'''

(* Each construct of lambda_ch is translated compositionally, and the
   translation commutes with renaming, substitution, evaluation contexts and
   name swapping; hence beta-steps become beta-steps and structural congruence
   becomes structural congruence.  The channel primitives are simulated by a
   short run of the channel actor [act_body]: [give] sends it [inl v], which
   it appends to its buffer; [take] sends it [inr pid], and its [drain] then
   forwards the head of the buffer to [pid], whose pending [receive] picks it
   up.  [fork] and [newCh] become [spawn], and the fresh names the translation
   chooses for term actors are reconciled by alpha-conversion.  The actor
   substitutes buffered values under binders, so they must be closed terms,
   which is what the typing hypothesis provides. *)

From Stdlib Require Import List Arith Lia FunctionalExtensionality.
Import ListNotations.

Scheme act_val_ind2 := Induction for act_val Sort Prop
  with act_comp_ind2 := Induction for act_comp Sort Prop.
Combined Scheme act_syntax_ind from act_val_ind2, act_comp_ind2.
Scheme ch_val_ind2 := Induction for ch_val Sort Prop
  with ch_comp_ind2 := Induction for ch_comp Sort Prop.
Combined Scheme ch_syntax_ind from ch_val_ind2, ch_comp_ind2.
Scheme ch_val_typed_ind2 := Induction for ch_val_typed Sort Prop
  with ch_comp_typed_ind2 := Induction for ch_comp_typed Sort Prop.
Combined Scheme ch_typed_ind from ch_val_typed_ind2, ch_comp_typed_ind2.

Ltac rewrite_IHs := repeat match goal with IH : forall _, _ |- _ => rewrite IH end.

(** * Renaming and substitution *)

Lemma act_ren_ren :
  (forall V r1 r2, act_ren_val r1 (act_ren_val r2 V) = act_ren_val (fun x => r1 (r2 x)) V) /\
  (forall M r1 r2, act_ren_comp r1 (act_ren_comp r2 M) = act_ren_comp (fun x => r1 (r2 x)) M).
Proof.
  apply act_syntax_ind; intros; cbn; rewrite_IHs; f_equal; try reflexivity;
    f_equal; apply functional_extensionality; intros [|[|x]]; reflexivity.
Qed.

Lemma act_up_upren s r : (fun x => act_up s (upren r x)) = act_up (fun x => s (r x)).
Proof. apply functional_extensionality; intros [|x]; reflexivity. Qed.

Lemma act_subst_ren :
  (forall V s r, act_subst_val s (act_ren_val r V) = act_subst_val (fun x => s (r x)) V) /\
  (forall M s r, act_subst_comp s (act_ren_comp r M) = act_subst_comp (fun x => s (r x)) M).
Proof.
  apply act_syntax_ind; intros; cbn; rewrite_IHs; rewrite ?act_up_upren, ?act_up_upren;
    reflexivity.
Qed.

Lemma act_ren_up r s :
  (fun x => act_ren_val (upren r) (act_up s x)) = act_up (fun x => act_ren_val r (s x)).
Proof.
  apply functional_extensionality; intros [|x]; cbn; [reflexivity|].
  rewrite !(proj1 act_ren_ren). reflexivity.
Qed.

Lemma act_ren_subst :
  (forall V s r, act_ren_val r (act_subst_val s V) =
                 act_subst_val (fun x => act_ren_val r (s x)) V) /\
  (forall M s r, act_ren_comp r (act_subst_comp s M) =
                 act_subst_comp (fun x => act_ren_val r (s x)) M).
Proof.
  apply act_syntax_ind; intros; cbn; rewrite_IHs; rewrite ?act_ren_up, ?act_ren_up;
    reflexivity.
Qed.

Lemma act_up_ren r : act_up (fun x => ActVar (r x)) = (fun x => ActVar (upren r x)).
Proof. apply functional_extensionality; intros [|x]; reflexivity. Qed.

Lemma act_ren_as_subst :
  (forall V r, act_ren_val r V = act_subst_val (fun x => ActVar (r x)) V) /\
  (forall M r, act_ren_comp r M = act_subst_comp (fun x => ActVar (r x)) M).
Proof.
  apply act_syntax_ind; intros; cbn; rewrite_IHs; rewrite ?act_up_ren, ?act_up_ren;
    reflexivity.
Qed.

Lemma tr_ren :
  (forall V r, tr_val (ch_ren_val r V) = act_ren_val r (tr_val V)) /\
  (forall M r, tr_comp (ch_ren_comp r M) = act_ren_comp r (tr_comp M)).
Proof.
  apply ch_syntax_ind; intros; cbn; rewrite_IHs; try reflexivity.
  rewrite !(proj1 act_ren_ren). reflexivity.
Qed.

Lemma tr_up s : (fun x => tr_val (ch_up s x)) = act_up (fun x => tr_val (s x)).
Proof.
  apply functional_extensionality; intros [|x]; cbn; [reflexivity|].
  apply (proj1 tr_ren).
Qed.

Lemma tr_subst :
  (forall V s, tr_val (ch_subst_val s V) = act_subst_val (fun x => tr_val (s x)) (tr_val V)) /\
  (forall M s, tr_comp (ch_subst_comp s M) = act_subst_comp (fun x => tr_val (s x)) (tr_comp M)).
Proof.
  apply ch_syntax_ind; intros; cbn; rewrite_IHs; rewrite ?tr_up, ?tr_up; try reflexivity.
  rewrite (proj1 act_subst_ren), (proj1 act_ren_subst). reflexivity.
Qed.

Lemma tr_scons V s :
  (fun x => tr_val (ch_scons V s x)) = act_scons (tr_val V) (fun x => tr_val (s x)).
Proof. apply functional_extensionality; intros [|x]; reflexivity. Qed.

Fixpoint tr_ectx (E : ch_ectx) : act_ectx :=
  match E with
  | ChHole => ActHole
  | ChELet E N => ActELet (tr_ectx E) (tr_comp N)
  end.

Lemma tr_plug E M : tr_comp (ch_plug E M) = act_plug (tr_ectx E) (tr_comp M).
Proof. induction E; cbn; congruence. Qed.

Lemma tr_tbase M N : ch_tbase M N -> act_tbase (tr_comp M) (tr_comp N).
Proof.
  intros []; cbn; rewrite ?(proj2 tr_subst), ?tr_scons, ?tr_scons; constructor.
Qed.

(** * Free names and name swapping *)

Lemma swap_name_invol a b x : swap_name a b (swap_name a b x) = x.
Proof.
  unfold swap_name.
  destruct (Nat.eqb_spec x a), (Nat.eqb_spec x b); subst;
  repeat first [ rewrite Nat.eqb_refl
               | match goal with |- context [Nat.eqb ?u ?v] => destruct (Nat.eqb_spec u v) end ];
  congruence.
Qed.

Lemma swap_name_l a b : swap_name a b a = b.
Proof. unfold swap_name; rewrite Nat.eqb_refl; reflexivity. Qed.

Lemma swap_name_other a b x : x <> a -> x <> b -> swap_name a b x = x.
Proof. intros; unfold swap_name; destruct (Nat.eqb_spec x a), (Nat.eqb_spec x b); congruence. Qed.

Lemma in_map_swap_name a b x l : In x (map (swap_name a b) l) <-> In (swap_name a b x) l.
Proof.
  rewrite in_map_iff; split.
  - intros [y [<- Hy]]; rewrite swap_name_invol; auto.
  - intros H; exists (swap_name a b x); rewrite swap_name_invol; auto.
Qed.

Lemma fresh_not_in l : ~ In (fresh l) l.
Proof.
  assert (Hle : forall x, In x l -> x <= fold_right max 0 l).
  { induction l as [|y l IH]; cbn; intros x Hx; [contradiction|].
    destruct Hx as [<-|Hx]; [lia|]. specialize (IH x Hx); lia. }
  unfold fresh; intros Hin; specialize (Hle _ Hin); lia.
Qed.

Lemma act_swap_ren :
  (forall V a b r, act_swap_val a b (act_ren_val r V) = act_ren_val r (act_swap_val a b V)) /\
  (forall M a b r, act_swap_comp a b (act_ren_comp r M) = act_ren_comp r (act_swap_comp a b M)).
Proof. apply act_syntax_ind; intros; cbn; rewrite_IHs; reflexivity. Qed.

Lemma tr_swap :
  (forall V a b, tr_val (ch_swap_val a b V) = act_swap_val a b (tr_val V)) /\
  (forall M a b, tr_comp (ch_swap_comp a b M) = act_swap_comp a b (tr_comp M)).
Proof.
  apply ch_syntax_ind; intros; cbn; rewrite_IHs; try reflexivity.
  rewrite (proj1 act_swap_ren). reflexivity.
Qed.

Lemma act_fn_ren :
  (forall V r, act_fn_val (act_ren_val r V) = act_fn_val V) /\
  (forall M r, act_fn_comp (act_ren_comp r M) = act_fn_comp M).
Proof. apply act_syntax_ind; intros; cbn; rewrite_IHs; reflexivity. Qed.

Lemma act_fn_swap :
  (forall V a b, act_fn_val (act_swap_val a b V) = map (swap_name a b) (act_fn_val V)) /\
  (forall M a b, act_fn_comp (act_swap_comp a b M) = map (swap_name a b) (act_fn_comp M)).
Proof. apply act_syntax_ind; intros; cbn; rewrite_IHs; rewrite ?map_app; reflexivity. Qed.

Lemma act_swap_fresh :
  (forall V a b, ~ In a (act_fn_val V) -> ~ In b (act_fn_val V) -> act_swap_val a b V = V) /\
  (forall M a b, ~ In a (act_fn_comp M) -> ~ In b (act_fn_comp M) -> act_swap_comp a b M = M).
Proof.
  apply act_syntax_ind; intros; cbn in *; rewrite ?in_app_iff in *;
    try (f_equal; solve [firstorder]).
  f_equal; apply swap_name_other; firstorder.
Qed.

Lemma tr_fn :
  (forall V x, In x (act_fn_val (tr_val V)) -> In x (ch_fn_val V)) /\
  (forall M x, In x (act_fn_comp (tr_comp M)) -> In x (ch_fn_comp M)).
Proof.
  apply ch_syntax_ind; intros; cbn in *; rewrite ?(proj1 act_fn_ren) in *;
    repeat rewrite in_app_iff in *; firstorder.
Qed.

Lemma tr_fresh M : ~ In (fresh (ch_fn_comp M)) (act_fn_comp (tr_comp M)).
Proof. intros H. apply (proj2 tr_fn) in H. exact (fresh_not_in _ H). Qed.

Fixpoint act_fn_ectx (E : act_ectx) : list name :=
  match E with ActHole => [] | ActELet E N => act_fn_ectx E ++ act_fn_comp N end.

Lemma act_fn_plug E M x :
  In x (act_fn_comp (act_plug E M)) <-> In x (act_fn_ectx E) \/ In x (act_fn_comp M).
Proof. induction E; cbn; rewrite ?in_app_iff; [tauto|]. rewrite IHE; tauto. Qed.

Lemma act_fn_list l x : In x (act_fn_val (act_list l)) <-> In x (flat_map act_fn_val l).
Proof. induction l; cbn; rewrite ?in_app_iff; [tauto|]. rewrite IHl; tauto. Qed.

Lemma act_swap_list a b l :
  act_swap_val a b (act_list l) = act_list (map (act_swap_val a b) l).
Proof. induction l as [|v l IH]; cbn; [reflexivity|]. rewrite IH; reflexivity. Qed.

Lemma tr_cfg_fn C x : In x (act_cfg_fn (tr_cfg C)) -> In x (ch_cfg_fn C).
Proof.
  induction C; cbn -[remove]; rewrite ?in_app_iff.
  - tauto.
  - intros H; apply in_remove in H as [H1 H2]. apply in_in_remove; auto.
  - intros H; apply in_remove in H as [[<-|H] Hne]; [congruence|].
    rewrite app_nil_r in H. apply (proj2 tr_fn); auto.
  - intros [H|H]; [auto|right]. rewrite ?app_nil_r, act_fn_list in H.
    destruct H as [[H|[]]|[]].
    apply in_flat_map in H as [v [Hv Hx]]. apply in_map_iff in Hv as [V [<- HV]].
    apply in_flat_map. exists V; split; auto. apply (proj1 tr_fn); auto.
Qed.

(** * Scoping *)

Fixpoint act_scoped_val (n : nat) (V : act_val) : Prop :=
  match V with
  | ActVar k => k < n
  | ActName _ | ActUnit => True
  | ActLam M => act_scoped_comp (S n) M
  | ActRec M => act_scoped_comp (S (S n)) M
  | ActPair V W => act_scoped_val n V /\ act_scoped_val n W
  | ActInl V | ActInr V | ActRoll V => act_scoped_val n V
  end
with act_scoped_comp (n : nat) (M : act_comp) : Prop :=
  match M with
  | ActApp V W | ActSend V W => act_scoped_val n V /\ act_scoped_val n W
  | ActLet M N => act_scoped_comp n M /\ act_scoped_comp (S n) N
  | ActReturn V | ActUnroll V => act_scoped_val n V
  | ActLetPair V M => act_scoped_val n V /\ act_scoped_comp (S (S n)) M
  | ActCase V M N => act_scoped_val n V /\ act_scoped_comp (S n) M /\ act_scoped_comp (S n) N
  | ActSpawn M => act_scoped_comp n M
  | ActReceive | ActSelf => True
  end.

Fixpoint ch_scoped_val (n : nat) (V : ch_val) : Prop :=
  match V with
  | ChVar k => k < n
  | ChName _ | ChUnit => True
  | ChLam M => ch_scoped_comp (S n) M
  | ChRec M => ch_scoped_comp (S (S n)) M
  | ChPair V W => ch_scoped_val n V /\ ch_scoped_val n W
  | ChInl V | ChInr V | ChRoll V => ch_scoped_val n V
  end
with ch_scoped_comp (n : nat) (M : ch_comp) : Prop :=
  match M with
  | ChApp V W | ChGive V W => ch_scoped_val n V /\ ch_scoped_val n W
  | ChLet M N => ch_scoped_comp n M /\ ch_scoped_comp (S n) N
  | ChReturn V | ChUnroll V | ChTake V => ch_scoped_val n V
  | ChLetPair V M => ch_scoped_val n V /\ ch_scoped_comp (S (S n)) M
  | ChCase V M N => ch_scoped_val n V /\ ch_scoped_comp (S n) M /\ ch_scoped_comp (S n) N
  | ChFork M => ch_scoped_comp n M
  | ChNewCh => True
  end.

Fixpoint ch_cfg_closed (C : ch_cfg) : Prop :=
  match C with
  | ChPar C D => ch_cfg_closed C /\ ch_cfg_closed D
  | ChNu _ C => ch_cfg_closed C
  | ChTerm M => ch_scoped_comp 0 M
  | ChBuf _ Vs => Forall (ch_scoped_val 0) Vs
  end.

Lemma act_up_id s n :
  (forall i, i < n -> s i = ActVar i) -> forall i, i < S n -> act_up s i = ActVar i.
Proof. intros Hs [|i] Hi; cbn; [reflexivity|]. rewrite Hs by lia. reflexivity. Qed.

Lemma act_subst_scoped :
  (forall V n s, act_scoped_val n V -> (forall i, i < n -> s i = ActVar i) ->
     act_subst_val s V = V) /\
  (forall M n s, act_scoped_comp n M -> (forall i, i < n -> s i = ActVar i) ->
     act_subst_comp s M = M).
Proof.
  apply act_syntax_ind; cbn; intros; try tauto;
    repeat match goal with H : _ /\ _ |- _ => destruct H end;
    f_equal; eauto 6 using act_up_id.
Qed.

Lemma act_subst_closed V s : act_scoped_val 0 V -> act_subst_val s V = V.
Proof. intros H; apply (proj1 act_subst_scoped) with 0; auto; lia. Qed.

'''

Whenever a line of the data holds the string "Sort", pick that line out.

Scheme act_val_ind2 := Induction for act_val Sort Prop
  with act_comp_ind2 := Induction for act_comp Sort Prop.
Scheme ch_val_ind2 := Induction for ch_val Sort Prop
  with ch_comp_ind2 := Induction for ch_comp Sort Prop.
Scheme ch_val_typed_ind2 := Induction for ch_val_typed Sort Prop
  with ch_comp_typed_ind2 := Induction for ch_comp_typed Sort Prop.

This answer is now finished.